By Peter Skotnicky
Making money is one of the goals that people carry through life; they want to increase their earnings, they want a fulfilling career, and they want a certain level of comfort. One of the options for this golden path to prosperity that has opened up comparatively recently is day trading stocks from home.
Identifying the best day trading stocks comes from studying a part of the overall stock market called a 'market sector'. A market sector is a group of stocks in a related industry, such as manufacturing, agriculture, pharmaceuticals or financial services. Within each sector, there will be a range of possible prices that the stocks fall between.
Your job, as the person looking for the best day trading stocks is to make money by predicting which stocks in a given sector will change price, including by how much, and in which direction. By use of trading techniques such as short selling and leverage, it's possible to make trades that earn money on any change in price, up or down, if you have the right data to work from.
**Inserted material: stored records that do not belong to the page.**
Lemma num_triangles_take_gt0 n (S : seq {set 'I_n}) i :
  partial_system S -> (i < size S)%N -> 0 < INR (num_triangles (take i S)).
Proof.
move=> psS lt_i_S; apply/lt_0_INR/ssrnat.ltP/card_gt0P.
by exists (nth set0 S i); rewrite inE nth_is_triangle.
Qed.

Lemma removal_prob_partial_system n (S : seq {set 'I_n}) : partial_system S ->
  removal_prob S = \big[Rmult/1]_(i < size S) / INR (num_triangles (take i S)).
Proof. by move=> psS; apply: eq_bigr => i _; rewrite nth_is_triangle. Qed.

Lemma removal_prob_ratio_le n eps m (S S' : seq {set 'I_n}) : 0 <= eps < 1 ->
  in_Oqr eps 2 m S -> in_Oqr eps 2 m S' ->
  removal_prob S / removal_prob S' <= ((1 + eps) / (1 - eps)) ^ m.
Proof.
move=> eps_bounds [/andP[/eqP sizeS psS] qr_S] [/andP[/eqP sizeS' psS'] qr_S'].
rewrite !removal_prob_partial_system // sizeS sizeS' prodR_div.
rewrite -[m in _ ^ m]card_ord; apply: prodR_le_pow => -[i lt_i_m] /=.
rewrite /Rdiv Rinv_inv Rmult_comm.
have T_gt0 := num_triangles_take_gt0 psS (i := i) ltac:(by rewrite sizeS).
split; first by apply/Rmult_le_pos/Rlt_le/Rinv_0_lt_compat => //; apply: pos_INR.
apply: div_le_ratio => //; first lra.
apply: num_triangles_compare (qr_S _ (ltnW lt_i_m)) (qr_S' _ (ltnW lt_i_m)) _; first lra.
by apply/eqP; rewrite -(eqn_add2r (6 * i)) !arcs_take ?sizeS ?sizeS' ?(ltnW lt_i_m).
Qed.

Lemma Rpower_two_sub x a : 0 < x -> Rpower x (2 - a) = x * x * Rpower x (- a).
Proof.
move=> x_gt0; have two : INR 2 = 2 by rewrite /=; lra.
by rewrite /Rminus Rpower_plus -two Rpower_pow //= Rmult_1_r.
Qed.

Unset Implicit Arguments.

Theorem lemma2p7 (a alpha : R) (ha : 0 < a < 2) (halpha : 0 <= alpha <= 1) :
  exists C : R, exists n0 : nat,
  forall n : nat, (n0 <= n)%N -> (n %% 6 = 1 \/ n %% 6 = 3)%N ->
  forall m : nat,
    INR m <= alpha * (INR 'C(n, 2) / 3) < INR m + 1 ->
  forall S S' : seq {set 'I_n},
    in_Oqr (Rpower (INR n) (- a)) 2 m S ->
    in_Oqr (Rpower (INR n) (- a)) 2 m S' ->
    removal_prob S / removal_prob S' <= exp (C * Rpower (INR n) (2 - a)).
Proof.
have [N N_gt] := INR_unbounded (Rpower 2 (/ a)).
exists 4, (maxn N 1) => n n_large _ m _ S S' qr_S qr_S'.
rewrite geq_max in n_large; case/andP: n_large => N_le_n n_gt0.
set eps := Rpower (INR n) (- a) in qr_S qr_S' *.
have eps_ge0 : 0 <= eps by apply/Rlt_le/exp_pos.
have eps_le_half : eps <= / 2.
  apply: Rpower_opp_le_half; first lra.
  by apply/Rlt_le/(Rlt_le_trans _ _ _ N_gt)/le_INR/ssrnat.leP.
have m_le : (m <= n * n)%N.
  by case: qr_S => /andP[/eqP <- /partial_system_size]; lia.
set r := (1 + eps) / (1 - eps).
have r_ge1 : 1 <= r.
  by apply: (Rmult_le_reg_r (1 - eps)); rewrite /r /Rdiv ?Rmult_assoc ?Rinv_l; lra.
apply: Rle_trans (removal_prob_ratio_le _ qr_S qr_S') _; first lra.
apply: Rle_trans (Rle_pow _ _ _ r_ge1 (ssrnat.leP m_le)) _.
have r_le := ratio_le_exp (conj eps_ge0 eps_le_half).
apply: Rle_trans (pow_incr _ _ _ (conj (Rle_trans _ _ _ Rle_0_1 r_ge1) r_le)) _.
rewrite exp_pow Rpower_two_sub -/eps ?mult_INR; first by apply: Req_le; congr exp; ring.
by apply/lt_0_INR/ssrnat.leP.
Qed.
Lemma nat_rv_tail_cvg0 (Z : T -> nat) : nat_rv Z ->
  fine (P [set w | V < (Z w)%:R :> R]) @[V --> +oo] --> 0.
Proof.
move=> mZ; pose E n := [set w | n%:R < (Z w)%:R :> R].
have E_cvg : fine (P (E n)) @[n --> \oo] --> 0.
  have E_cap : \bigcap_n E n = set0.
    by apply/seteqP; split=> // w /(_ (Z w) I); rewrite /E /= ltxx.
  rewrite -[0]/(fine 0%E) -(measure0 P) -E_cap.
  apply: fine_probability_bigcap_cvg => [n|n m nm].
    exact: (nat_rv_measurable (fun k => n%:R < k%:R) mZ).
  by apply/subsetPset => w; apply: le_lt_trans; rewrite ler_nat.
apply/cvgrPdist_le => e e_gt0; have /cvgrPdist_le/(_ e e_gt0) [N _ EN] := E_cvg.
exists N%:R; split=> [|V NV]; first exact: num_real.
apply: le_trans (EN N (leqnn N)); rewrite !sub0r !normrN !ger0_norm ?fine_probability_ge0 //.
apply: le_fine_probability; first exact: (nat_rv_measurable (fun k => V < k%:R) mZ).
  exact: (nat_rv_measurable (fun k => N%:R < k%:R) mZ).
by move=> w /=; apply: lt_trans.
Qed.

Lemma ae_avg_tail_cvg0 (a : T -> nat -> nat) (L c : R) :
  L < c -> (forall t, nat_rv (fun w => a w t)) -> {ae P, forall w, avg_cvg_to (a w) L} ->
  fine (P [set w | c * t%:R < (\sum_(tau < t) a w tau)%:R]) @[t --> \oo] --> 0.
Proof.
move=> Lc ma [N [mN PN0 N_ae]].
pose D s := [set w | c * s%:R < (\sum_(tau < s) a w tau)%:R].
have mD s : measurable (D s) :=
  nat_rv_measurable (fun k => c * s%:R < k%:R) (nat_rv_sum _ (fun tau : 'I_s => ma tau)).
pose E t := \bigcup_(s in [set s | (t <= s)%N]) D s.
have mE t : measurable (E t) by apply: bigcup_measurable => s _.
(* where the average converges, [D s] occurs only finitely often *)
have E_cap : \bigcap_t E t `<=` N.
  move=> w Ew; apply: N_ae => /= /cvgr_lt/(_ c Lc) [s0 _ avg_lt].
  have [s /= s0_lt_s] := Ew s0.+1 I; rewrite /D /= natr_sum => exceed.
  have := avg_lt s (ltnW s0_lt_s); rewrite /= ltr_pdivrMl ?ltr0n ?(leq_trans _ s0_lt_s) //.
  by rewrite mulrC ltNge (ltW exceed).
have E_cvg : fine (P (E t)) @[t --> \oo] --> 0.
  have : P (\bigcap_t E t) = 0%E.
    apply/eqP; rewrite eq_le measure_ge0 andbT -PN0 le_measure ?inE //.
    exact: bigcapT_measurable.
  move=> /(congr1 fine) /= <-; apply: fine_probability_bigcap_cvg => // n m nm.
  by apply/subsetPset => w [s /= ms Ds]; exists s => //=; exact: leq_trans ms.
apply: (squeeze_cvgr _ (cvg_cst 0) E_cvg); apply: nearW => t.
rewrite fine_probability_ge0 /=; apply: le_fine_probability (mD t) (mE t) _.
by move=> w Dw; exists t => /=.
Qed.

Lemma ae_avg_cvg_to_sum (I : finType) (a : I -> T -> nat -> nat) (l : I -> R) :
  (forall m, {ae P, forall w, avg_cvg_to (a m w) (l m)}) ->
  {ae P, forall w, avg_cvg_to (fun t => \sum_m a m w t)%N (\sum_m l m)}.
Proof.
move=> a_avg; have ae_filter := ae_filter_ringOfSetsType P.
apply: filterS (filter_forall _ a_avg) => w avg_w.
rewrite /avg_cvg_to (_ : (fun t : nat => _) =
    fun t => \sum_m ((t%:R)^-1 * \sum_(tau < t) (a m w tau)%:R)); last first.
  apply/funext => t; rewrite -mulr_sumr exchange_big /=.
  by under eq_bigr do rewrite natr_sum.
by apply: cvg_big => // [|m _]; [exact: add_continuous | exact: avg_w].
Qed.

End Tails.

(** * Stability *)

Lemma le_limn_esup (R : realType) (u v : (\bar R)^nat) :
  (forall n, (u n <= v n)%E) -> (limn_esup u <= limn_esup v)%E.
Proof.
move=> uv; rewrite !limn_esup_lim; apply: lee_lim; try exact: is_cvg_esups.
apply: nearW => n; apply: ge_ereal_sup => _ [k nk <-].
by apply: le_trans (uv k) _; apply: ereal_sup_ubound; exists k.
Qed.

Lemma limn_esup_mean_cvg0 (R : realType) (u : R -> nat -> R) (b : R^nat) (g : R -> R) :
  (forall V n, 0 <= u V n) -> (forall V n, 0 <= V -> u V n <= b n + g V) ->
  b n @[n --> \oo] --> 0 -> g V @[V --> +oo] --> 0 ->
  limn_esup (fun n => ((n%:R)^-1 * \sum_(tau < n) u V tau)%:E) @[V --> +oo] --> 0%E.
Proof.
move=> u_ge0 u_le b_cvg g_cvg.
apply: (@squeeze_cvge _ _ _ _ (cst 0%E) _ (fun V => (g V)%:E)); last 2 first.
- exact: cvg_cst.
- by apply: cvg_EFin g_cvg; exact: nearW.
exists 0; split=> [|V V_gt0]; first exact: num_real.
apply/andP; split.
  rewrite -(cvg_limn_einf_sup (cvg_cst 0%E)).2; apply: le_limn_esup => n.
  by rewrite lee_fin mulr_ge0 ?invr_ge0 // sumr_ge0.
pose m n := (n%:R)^-1 * \sum_(tau < n) (b tau + g V).
have m_cvg : m n @[n --> \oo] --> g V.
  rewrite -cvg_shiftS; suff -> : [sequence m n.+1]_n = arithmetic_mean (fun k => b k + g V).
    by apply: cesaro; rewrite -[X in _ --> X]add0r; exact: cvgD b_cvg (cvg_cst _).
  by apply/funext => n; rewrite /m /arithmetic_mean /series /= big_mkord.
have mE_cvg : (m n)%:E @[n --> \oo] --> (g V)%:E by apply: cvg_EFin m_cvg; exact: nearW.
rewrite -(cvg_limn_einf_sup mE_cvg).2; apply: le_limn_esup => n.
rewrite lee_fin ler_wpM2l ?invr_ge0 // ler_sum // => tau _.
exact: u_le (ltW V_gt0).
Qed.

Lemma stable_queue_tail_bound (d : measure_display) (T : measurableType d) (R : realType) (P : probability T R)
    (U : T -> nat -> nat) (b : R^nat) (g : R -> R) :
  (forall t, nat_rv (fun w => U w t)) ->
  (forall V t, 0 <= V -> fine (P [set w | V < (U w t)%:R]) <= b t + g V) ->
  b n @[n --> \oo] --> 0 -> g V @[V --> +oo] --> 0 ->
  stable_queue P U.
Proof.
move=> mU U_tail b_cvg g_cvg; rewrite /stable_queue.
have -> : (fun V : R => limn_esup (fun n =>
            (((n%:R)^-1)%:E * \sum_(tau < n) P [set w | (V < (U w tau)%:R)%R])%E)) =
          (fun V => limn_esup (fun n =>
            ((n%:R)^-1 * \sum_(tau < n) fine (P [set w | V < (U w tau)%:R]))%:E)).
  apply/funext => V; congr limn_esup; apply/funext => n; rewrite EFinM -sumEFin.
  congr (_ * _)%E; apply: eq_bigr => tau _; rewrite probability_fineK //.
  exact: (nat_rv_measurable (fun k => V < k%:R) (mU tau)).
apply: (@limn_esup_mean_cvg0 R (fun V t => fine (P [set w | V < (U w t)%:R])) b g) => //.
by move=> V n; exact: fine_probability_ge0.
Qed.

Section OnDemandSwitch.
Context (d : measure_display) (T : measurableType d) (R : realType) (P : probability T R).
Variables (K : nat) (p : 'I_K -> R) (lam : 'I_K -> 'I_K -> R) (de : R).
Variables (C : T -> nat -> 'I_K -> nat) (A F : T -> nat -> 'I_K -> 'I_K -> nat).
Hypotheses (C_le1 : forall w t i, (C w t i <= 1)%N)
  (mC : forall t i, nat_rv (fun w => C w t i))
  (PC : forall t i, P [set w | C w t i = 1%N] = (p i)%:E)
  (C_indep : mutual_indep P (fun _ : 'I_K * nat => true)
     (fun k => rv_events (fun w => C w k.2 k.1)))
  (mA : forall t i j, nat_rv (fun w => A w t i j))
  (A_stat : forall i j, stationary P (fun w t => A w t i j))
  (A_avg : forall i j, {ae P, forall w, avg_cvg_to (fun t => A w t i j) (lam i j)})
  (mF : forall t i j, nat_rv (fun w => F w t i j))
  (F_od : forall w t, on_demand (sw_path (C w) (A w) (F w) t) (F w t))
  (de_gt0 : 0 < de) (slack : forall k, \sum_(m < K) lam k m < p k - de).

Let starved k t := [set w | (cum_generated (C w) t k)%:R <= (p k - de) * t%:R :> R].
Let overloaded k t := [set w | (p k - de) * t%:R < (cum_requests (A w) t k)%:R :> R].
Let congested k t := starved k t `|` overloaded k t.

Let measurable_starved k t : measurable (starved k t).
Proof.
exact: nat_rv_measurable (fun n => n%:R <= (p k - de) * t%:R)
  (nat_rv_sum _ (fun tau : 'I_t => mC tau k)).
Qed.

Let measurable_overloaded k t : measurable (overloaded k t).
Proof.
exact: nat_rv_measurable (fun n => (p k - de) * t%:R < n%:R)
  (nat_rv_sum _ (fun tau : 'I_t => nat_rv_sum _ (fun m : 'I_K => mA tau k m))).
Qed.

Let measurable_congested k t : measurable (congested k t).
Proof. exact: measurableU. Qed.

Let C_pair k tau tau' : tau <> tau' ->
  P ([set w | C w tau k = 1%N] `&` [set w | C w tau' k = 1%N]) = (p k * p k)%:E.
Proof.
move=> neq; rewrite (mutual_indep2 (k1 := (k, tau)) (k2 := (k, tau')) C_indep) //.
- by rewrite !PC -EFinM.
- by rewrite xpair_eqE eqxx /=; exact/eqP.
- by exists [set 1%N].
- by exists [set 1%N].
Qed.
Lemma polygon_edges_digon L (j : 'I_d) :
  j = 0%N :> nat -> 0 < L 0%N -> L 1%N = L 0%N ->
  polygon_edges 2 L 1 (fun i => if i == 0%N then L 0%N *: 'e_j else - (L 0%N *: 'e_j)).
Proof.
move=> j0 L0 L1; split.
- move=> [|[|//]] _ /=; rewrite ?dotNl ?dotNr ?opprK ?L1 dotZl dotZr dot_delta mxE !eqxx;
  by rewrite mulr1 expr2.
- by rewrite !big_ord_recr big_ord0 /= add0r subrr.
- have -> : (pid_mx 1 : 'M_d) = pid_mx j.+1 by rewrite j0.
  apply: eqmx_trans (eqmx_sym (pid_mxS j)); rewrite j0 pid_mx_0.
  apply: eqmx_trans (eqmx_sym (adds0mx _ _)).
  apply/eqmxP/andP; split.
    by apply/row_subP => i; rewrite rowK; case: ifP => _; rewrite -?scaleN1r ?scalemx_sub.
  have ejE : ('e_j : 'rV[R]_d) = (L 0%N)^-1 *: (L 0%N *: 'e_j).
    by rewrite scalerA mulVf ?gt_eqF // scale1r.
  by rewrite {1}ejE; apply: scalemx_sub; apply: (eq_row_sub 0); rewrite rowK.
Qed.

Lemma polygon_edges_triangle L : (2 <= d)%N -> interior_lengths 3 L ->
  exists f, polygon_edges 3 L 2 f.
Proof.
move=> d2 HL; have d0 : (0 < d)%N by apply: ltnW.
have [L0 L0_lt] := HL 0%N isT; have [L1 L1_lt] := HL 1%N isT.
have [L2 L2_lt] := HL 2%N isT.
rewrite !big_ord_recr big_ord0 /= add0r in L0_lt L1_lt L2_lt.
pose j0 : 'I_d := Ordinal d0; pose j1 : 'I_d := Ordinal d2.
have digon := @polygon_edges_digon (fun i => if i == 1%N then L 0%N else L i)
  j0 erefl L0 erefl.
apply: (polygon_edges_split digon L1 L2 _ _ _ (pid_mxS j1)) => /=.
- by rewrite ltr_norml; apply/andP; split; lra.
- by rewrite dot_delta mxE eqxx.
- by rewrite dot_delta !mxE /= mulr0 oppr0.
Qed.

Lemma polygon_edges_exist m L k : interior_lengths m.+3 L ->
  (2 <= k)%N -> (k <= d)%N -> (k <= m.+2)%N -> exists f, polygon_edges m.+3 L k f.
Proof.
elim: m L k => [|m IH] L k HL k2 kd km.
  have -> : k = 2%N by lia.
  exact: polygon_edges_triangle (leq_trans k2 kd) HL.
have [c [abc HL']] := interior_lengths_merge (isT : (2 <= m.+2)%N) HL.
have [a0 _] := HL m.+2 (ltnW (ltnSn _)); have [b0 _] := HL m.+3 (ltnSn _).
case: (ltnP k m.+3) => [k_small | k_big].
  have [f Hf] := IH _ _ HL' k2 kd k_small.
  have k0 : (0 < k)%N by apply: ltnW.
  pose j0 : 'I_d := Ordinal (leq_trans k0 kd).
  pose j1 : 'I_d := Ordinal (leq_trans k2 kd).
  have j01 : j0 != j1 by rewrite -val_eqE.
  have [e [ee ew e_sub]] := exists_unit_orthogonal (f m.+2) j01.
  apply: (polygon_edges_split Hf a0 b0 abc ee ew); apply: eqmx_sym; apply/addsmx_idPl.
  by apply: submx_trans e_sub _; rewrite addsmx_sub !delta_sub_pid_mx.
have k_eq : k = m.+3 by lia.
have jd : (m.+2 < d)%N by lia.
have [f Hf] := IH _ _ HL' (isT : (2 <= m.+2)%N) (ltnW jd) (leqnn _).
have [_ _ span] := Hf; pose j : 'I_d := Ordinal jd.
apply: (polygon_edges_split Hf a0 b0 abc (e := 'e_j)).
- by rewrite dot_delta mxE !eqxx.
- rewrite dot_delta (@sub_pid_mx_coord _ _ _ m.+2) //.
  by rewrite -span edge_sub.
- by rewrite k_eq; exact: (pid_mxS j).
Qed.

End EdgeVectors.

Lemma interior_lengths_of_int_Cn (R : realType) n (l : 'I_n.+1 -> R) :
  in_int_Cn l -> interior_lengths n.+1 (fun i => l (inord i)).
Proof.
move=> Hl i i_n; pose i' := Ordinal i_n; have [li0 li_lt] := Hl i'.
have lE : forall j : 'I_n.+1, l (inord j) = l j by move=> j; rewrite inord_val.
rewrite (eq_bigr _ (fun j _ => lE j)) (bigD1 i') //= -[i]/(nat_of_ord i') lE.
by split => //; lra.
Qed.

Section Vertices.
Variables (R : realType) (d : nat).
Implicit Type f : nat -> 'rV[R]_d.

Definition polygon_of_edges n f : 'M[R]_(n.-1, d) :=
  \matrix_(i < n.-1) \sum_(j < i.+1) f j.

Lemma vtx_sub n (P : 'M[R]_(n.-1, d)) i : (vtx P i <= P)%MS.
Proof.
rewrite /vtx; case: insubP => [k _ _|_]; last exact: sub0mx.
by case: eqP => _; [exact: sub0mx | exact: row_sub].
Qed.

Lemma vtx_polygon_of_edges n f i : \sum_(j < n) f j = 0 -> (i <= n)%N ->
  vtx (polygon_of_edges n f) i = \sum_(j < i) f j.
Proof.
move=> sum0 i_n; rewrite /vtx; case: insubP => [k _ kE | ].
  case: eqP => [-> | /eqP i0]; first by rewrite big_ord0.
  by rewrite rowK kE prednK // lt0n.
case: i i_n => [_ _ | i i_n ni]; first by rewrite big_ord0.
rewrite /= ltn_predRL in ni.
by have -> : i.+1 = n by apply/eqP; rewrite eqn_leq i_n leqNgt.
Qed.

Lemma edge_polygon_of_edges n f i : \sum_(j < n) f j = 0 -> (i < n)%N ->
  vtx (polygon_of_edges n f) i.+1 - vtx (polygon_of_edges n f) i = f i.
Proof.
move=> sum0 i_n; rewrite !vtx_polygon_of_edges ?(ltnW i_n) //.
by rewrite big_ord_recr /= addrAC subrr add0r.
Qed.

Lemma polygon_of_edges_eqmx n f : \sum_(j < n) f j = 0 ->
  (polygon_of_edges n f :=: edges n f)%MS.
Proof.
move=> sum0; apply/eqmxP/andP; split; apply/row_subP => i; rewrite rowK.
  apply: summx_sub => j _; apply: edge_sub.
  exact: leq_trans (ltn_ord j) (leq_trans (ltn_ord i) (leq_pred n)).
rewrite -(edge_polygon_of_edges sum0 (ltn_ord i)).
by rewrite addmx_sub ?vtx_sub // -scaleN1r scalemx_sub ?vtx_sub.
Qed.

End Vertices.

Theorem proposition3p3 (R : realType) (n d : nat) (l : 'I_n -> R) :
  (3 <= n)%N -> (2 <= d)%N -> in_int_Cn l ->
  forall k : nat, (2 <= k)%N -> (k <= minn d n.-1)%N ->
  exists P : 'M[R]_(n.-1, d), in_Vd l P /\ poly_dim P = k.
Proof.
case: n l => [|[|[|m]]] // l _ _ Hl k k2; rewrite leq_min => /andP [kd km].
have [f [len sum0 span]] :=
  polygon_edges_exist (interior_lengths_of_int_Cn Hl) k2 kd km.
exists (polygon_of_edges m.+3 f); split.
  move=> i; rewrite edge_polygon_of_edges //; apply: enorm_dot.
    exact/ltW/(Hl i).1.
  by rewrite len // inord_val.
by rewrite /poly_dim (polygon_of_edges_eqmx sum0) span rank_pid_mx.
Qed.
Lemma poly_deriv_shift (n D : nat) (c : list nat -> R) (b : list nat) (x : nat -> R) (i : nat) :
  (i < n)%nat -> forall t, is_derive (fun t => poly_deriv n D c b (shift x i t)) t
                                     (poly_deriv n D c (incr_mi n b i) (shift x i t)).
Proof.
  intros Hi. apply (is_derive_lsum (mis n D) (fun a t => c a * dmono b a (shift x i t))).
  intros a Ha t. destruct (mis_spec _ _ _ Ha) as [Hl _].
  apply is_derive_scal, dmono_deriv; [lia|].
  intros j Hj. apply nth_incr. lia.
Qed.

(* Uniform bound for all derivatives of a normalized P on the box |x_j| <= 2. *)
Definition deriv_bound (D : nat) : R := box_base D ^ D.

Lemma deriv_bound_ge1 (D : nat) : 1 <= deriv_bound D.
Proof. apply pow_R1_Rle, box_base_ge1. Qed.

Lemma dmono_bound_deg (D : nat) (b a : list nat) (x : nat -> R) :
  (list_sum a <= D)%nat -> (forall j, (j < length a)%nat -> Rabs (x j) <= 2) ->
  Rabs (dmono b a x) <= deriv_bound D.
Proof.
  intros Ha Hx. eapply Rle_trans; [apply dmono_bound; [apply entries_le_sum, Ha|exact Hx]|].
  apply Rle_pow; [apply box_base_ge1|exact Ha].
Qed.

Lemma poly_bound (n D : nat) (c : list nat -> R) (b : list nat) (y : nat -> R) :
  normalized n D c -> (forall j, (j < n)%nat -> Rabs (y j) <= 2) ->
  Rabs (poly_deriv n D c b y) <= deriv_bound D.
Proof.
  intros Hn Hy. eapply Rle_trans; [apply lsum_abs|].
  eapply Rle_trans; [apply (lsum_le _ _ (fun a => Rabs (c a) * deriv_bound D))|].
  - intros a Ha. destruct (mis_spec _ _ _ Ha) as [Hl Hs].
    rewrite Rabs_mult. apply Rmult_le_compat_l; [apply Rabs_pos|].
    apply dmono_bound_deg; [exact Hs|]. intros j Hj; apply Hy; lia.
  - rewrite lsum_mult_r, Hn. lra.
Qed.

(* Lower bound. The multiindex a maximizing |c_a| L^|a| dominates d^a P:
   coefficients of size <= |a| other than a are killed by d^a, and larger
   ones are at most |c_a|/L. *)
Definition n_terms (n D : nat) : R := INR (length (mis n D)).
Definition dom_base (n D : nat) : R := 2 * n_terms n D * deriv_bound D + 1.
Definition lower_const (n D : nat) : R := 1 / (2 * n_terms n D * dom_base n D ^ D).

Lemma n_terms_ge1 (n D : nat) : 1 <= n_terms n D.
Proof.
  unfold n_terms. pose proof (mis_zero n D) as H.
  destruct (mis n D) as [|a l]; [destruct H|].
  cbn [length]; rewrite S_INR. pose proof (pos_INR (length l)); lra.
Qed.

Lemma dom_base_ge1 (n D : nat) : 1 <= dom_base n D.
Proof.
  unfold dom_base. pose proof (n_terms_ge1 n D). pose proof (deriv_bound_ge1 D). nra.
Qed.

Lemma lower_const_pos (n D : nat) : 0 < lower_const n D.
Proof.
  unfold lower_const. pose proof (n_terms_ge1 n D).
  pose proof (pow_R1_Rle _ D (dom_base_ge1 n D)).
  apply Rdiv_lt_0_compat; nra.
Qed.

Lemma argmax {T} (l : list T) (f : T -> R) (d : T) : In d l ->
  exists a, In a l /\ forall b, In b l -> f b <= f a.
Proof.
  revert d; induction l as [|x l IH]; intros d Hd; [destruct Hd|].
  destruct l as [|y l'].
  - exists x. split; [left; reflexivity|]. intros b [<-|[]]; lra.
  - destruct (IH y (in_eq y l')) as [a [Ha Hb]].
    destruct (Rle_dec (f x) (f a)).
    + exists a. split; [now right|]. intros b [<-|Hb']; auto.
    + exists x. split; [now left|]. intros b [<-|Hb']; [lra|]. specialize (Hb b Hb'). lra.
Qed.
It's getting the right data to work from that turns into the bulk of a day trader's day to day work. Picking the best day trading stocks means looking at charts and graphs, and reading financial statements - or summaries of them. There's a lot of information going around on the stock market, and it's largely your job to figure out what to do with it each day.
Fortunately, there are automated programs that can both gather this data for you, but also sort it according to programmed parameters, either set by you or by the people who wrote the program.
This sorting and filtering can give you the edge you need to make the decisions faster than the rest of the market; some of the more advanced forms of these stock picking programs can also make recommendations based off of a database and expert system that uses several decades of market data and successful trades, to do pattern matching on.
None of these are foolproof; all these programs are is a tool to help you spend your time wisely when dealing with day trading as an investment path and as a career option. They are no substitute for doing your homework, no matter how tempting it is to let the stock picking program run on autopilot; what happens when they run unsupervised is that the investors using them lose money rapidly, because the software encounters something that doesn't match the parameters it has, and it makes the wrong choice.
In short, even with automated tools, becoming a day trading investor and making money means that you need to do what any other investor and day trader does: Treat it as a job, and give the process the respect it's due.
None of these solutions will replace taking the time to do the research, and exercising judgment. You make money by being smart; if they could automate being smart, investors would have gone the way of telephone switchboard operators.